Lockheed Martin’s PrSM achieved a flawless performance in its second flight test

It is reported that US-based defense and aviation company Lockheed Martin, the main contractor of the fifth-generation fighter F-35, has successfully tested its next-generation long-range missile designed for the Army’s Precision Strike Missile (PrSM) program at White Sands Missile Range, in New Mexico. According to the statement, all the main objectives of the trial were achieved in a flawless second performance after the missile’s maiden flight last December, when it flew 240 km (149 miles).

The PrSM was fired from Lockheed Martin’s High Mobility Artillery Rocket System (HIMARS) launcher.
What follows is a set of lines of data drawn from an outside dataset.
(* Let $G\in\mathcal{C}$, let $C$ be a proper separator of $G$ with full components $L$ and $R$, let $c_1,c_2\in C$, and let $H$ be a $(C,c_1,c_2)$-hole, with $H_L,H_R,\ell_1,\ell_2,r_1,r_2$ as defined below. Suppose $v\in V(G)\setminus V(H)$ has a neighbor in $H_L^*\setminus\{\ell_1,\ell_2\}$ and a neighbor in $H_R^*\setminus\{r_1,r_2\}$. Then $v$ is $(c_1,c_2)$-heavy with respect to $H$.
   Context: All graphs are finite and simple; paths are induced paths; a hole is an induced cycle of length at least four. $\mathcal{C}$ is the class of graphs containing no theta, pyramid, prism or turtle as an induced subgraph (theta: two nonadjacent vertices joined by three otherwise disjoint paths, any two inducing a hole; pyramid: a vertex $a$ joined to the three vertices $b_i$ of a triangle by paths disjoint except at $a$, any two inducing a hole; prism: two disjoint triangles $\{a_i\},\{b_i\}$ joined by disjoint paths $a_i$–$b_i$, any two inducing a hole; turtle: a hole formed by disjoint paths $P_1$ from $a_1$ to $b_1$ and $P_2$ from $a_2$ to $b_2$ with edges $a_1a_2,b_1b_2$, plus adjacent vertices $x,y$, $x$ having $\ge3$ neighbors in $P_1$ and none in $P_2$, $y$ having $\ge3$ neighbors in $P_2$ and none in $P_1$). A minimal separator $C$ of $G$ is a set such that $G\setminus C$ has two distinct components $L,R$ with $N(L)=N(R)=C$; it is proper if it is not a clique, in which case $G\setminus C$ has exactly two components $L,R$ with $N(L)=N(R)=C$ (the full components). For $c_1,c_2\in C$, a $(C,c_1,c_2)$-hole is a hole $H$ with $V(H)\cap C=\{c_1,c_2\}$ whose two $c_1$–$c_2$ paths $H_L,H_R$ satisfy $H_L^*\subseteq L$ and $H_R^*\subseteq R$, where $P^*$ denotes the interior (vertices other than the ends) of a path $P$. $\ell_1,\ell_2$ are the neighbors of $c_1,c_2$ in $H_L$, and $r_1,r_2$ are the neighbors of $c_1,c_2$ in $H_R$. For $u\notin V(H)$, $N_H(u)$ is the set of its neighbors in $H$; $u$ is major for $H$ if $N_H(u)\ne\emptyset$ and $N_H(u)$ is not contained in the vertex set of any three-vertex subpath of $H$. A $w$-sector is a subpath $Q=x\text{-}\cdots\text{-}y$ of $H$ with $x,y$ neighbors of $w$ and no interior vertex adjacent to $w$; an extended neighborhood of $w$ in $H$ is $Q\cup(\{x',y'\}\cap N_H(w))$ for a $w$-sector $Q=x\text{-}\cdots\text{-}y$, where $x',y'$ are the neighbors of $x,y$ in $H\setminus V(Q)$; $a,b\in V(H)$ are distant in $H$ with respect to $w$ if no extended neighborhood of $w$ contains both. A vertex $v$ is $(c_1,c_2)$-heavy with respect to $H$ if $v$ is major for $H$ and $c_1,c_2$ are distant in $H$ with respect to $v$. *)

(* Finite simple graphs as a symmetric irreflexive relation
   e : rel T on a finite type T. *)
From mathcomp Require Import all_boot.
Set Implicit Arguments.
Unset Strict Implicit.
Unset Printing Implicit Defensive.

Section Graphs.
Variable T : finType.
Variable e : rel T.

Definition ipath (x : T) (p : seq T) : Prop :=
  let s := x :: p in
  uniq s /\
  forall i j, i < size s -> j < size s ->
    e (nth x s i) (nth x s j) = (i == j.+1) || (j == i.+1).

Definition ipath_from_to (x y : T) (p : seq T) : Prop :=
  ipath x p /\ last x p = y.

Definition hole (c : seq T) : Prop :=
  4 <= size c /\ uniq c /\
  forall x y, x \in c -> y \in c -> e x y = (next c x == y) || (next c y == x).

Definition induces_hole (S : {set T}) : Prop :=
  exists c, hole c /\ [set z in c] = S.

Definition vset (s : seq T) : {set T} := [set z in s].

Definition triangle (a b c : T) : bool := [&& e a b, e b c & e a c].

Definition has_theta : Prop :=
  exists (a b : T) (p1 p2 p3 : seq T),
    [/\ a != b, ~~ e a b,
        [/\ ipath_from_to a b p1, ipath_from_to a b p2 &
             ipath_from_to a b p3] &
        [/\ vset (a :: p1) :&: vset (a :: p2) = [set a; b],
            vset (a :: p1) :&: vset (a :: p3) = [set a; b],
            vset (a :: p2) :&: vset (a :: p3) = [set a; b] &
          [/\ induces_hole (vset (a :: p1) :|: vset (a :: p2)),
            induces_hole (vset (a :: p1) :|: vset (a :: p3)) &
            induces_hole (vset (a :: p2) :|: vset (a :: p3))]]].

Definition has_pyramid : Prop :=
  exists (a b1 b2 b3 : T) (p1 p2 p3 : seq T),
    [/\ triangle b1 b2 b3,
        ipath_from_to a b1 p1, ipath_from_to a b2 p2, ipath_from_to a b3 p3 &
        [/\ vset (a :: p1) :&: vset (a :: p2) = [set a],
            vset (a :: p1) :&: vset (a :: p3) = [set a],
            vset (a :: p2) :&: vset (a :: p3) = [set a] &
          [/\ induces_hole (vset (a :: p1) :|: vset (a :: p2)),
            induces_hole (vset (a :: p1) :|: vset (a :: p3)) &
            induces_hole (vset (a :: p2) :|: vset (a :: p3))]]].

Definition has_prism : Prop :=
  exists (a1 a2 a3 b1 b2 b3 : T) (p1 p2 p3 : seq T),
    [/\ triangle a1 a2 a3, triangle b1 b2 b3,
        [disjoint [set a1; a2; a3] & [set b1; b2; b3]],
        [/\ ipath_from_to a1 b1 p1, ipath_from_to a2 b2 p2 &
            ipath_from_to a3 b3 p3] &
        [/\ [disjoint vset (a1 :: p1) & vset (a2 :: p2)],
            [disjoint vset (a1 :: p1) & vset (a3 :: p3)],
            [disjoint vset (a2 :: p2) & vset (a3 :: p3)] &
          [/\ induces_hole (vset (a1 :: p1) :|: vset (a2 :: p2)),
            induces_hole (vset (a1 :: p1) :|: vset (a3 :: p3)) &
            induces_hole (vset (a2 :: p2) :|: vset (a3 :: p3))]]].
It flew a nominal trajectory approximately 180 km (122 miles) to the target area. According to Lockheed Martin, the missile was tested for confirming the missile’s flight trajectory, range, and accuracy from launch to warhead event, as well as warhead lethality, HIMARS launcher integration, and overall missile performance.

PrSM was fired from Lockheed Martin's HIMARS launcher.
PrSM was fired from Lockheed Martin’s HIMARS launcher. Credit: Lockheed Martin

With a speed of more than 5 Mach numbers and an official initially declared range of 60 to 499 km, the next-generation surface-to-surface weapon system will deliver enhanced capabilities for attacking, neutralizing, suppressing and destroying targets. It also provides Army field commanders at the brigade, division, corps, Army, theater, Joint, and Coalition forces.

Today’s flight test further demonstrated the reliability, precision and critical capabilities Lockheed Martin is building into the PrSM,” said Gaylia Campbell, vice president of Precision Fires and Combat Maneuver Systems at Lockheed Martin Missiles and Fire Control. “The missile performed exactly as expected and successfully engaged the target with pinpoint accuracy.”

The new hypersonic missile is being developed as a replacement for the Army’s Tactical Missile System (ATACMS), which was designed in the 1970s and is fast approaching the end of its useful life, as well as being obsolete. The new project is an analog of the Iskander-M system, which for several years has been in operational service in the Russian Army.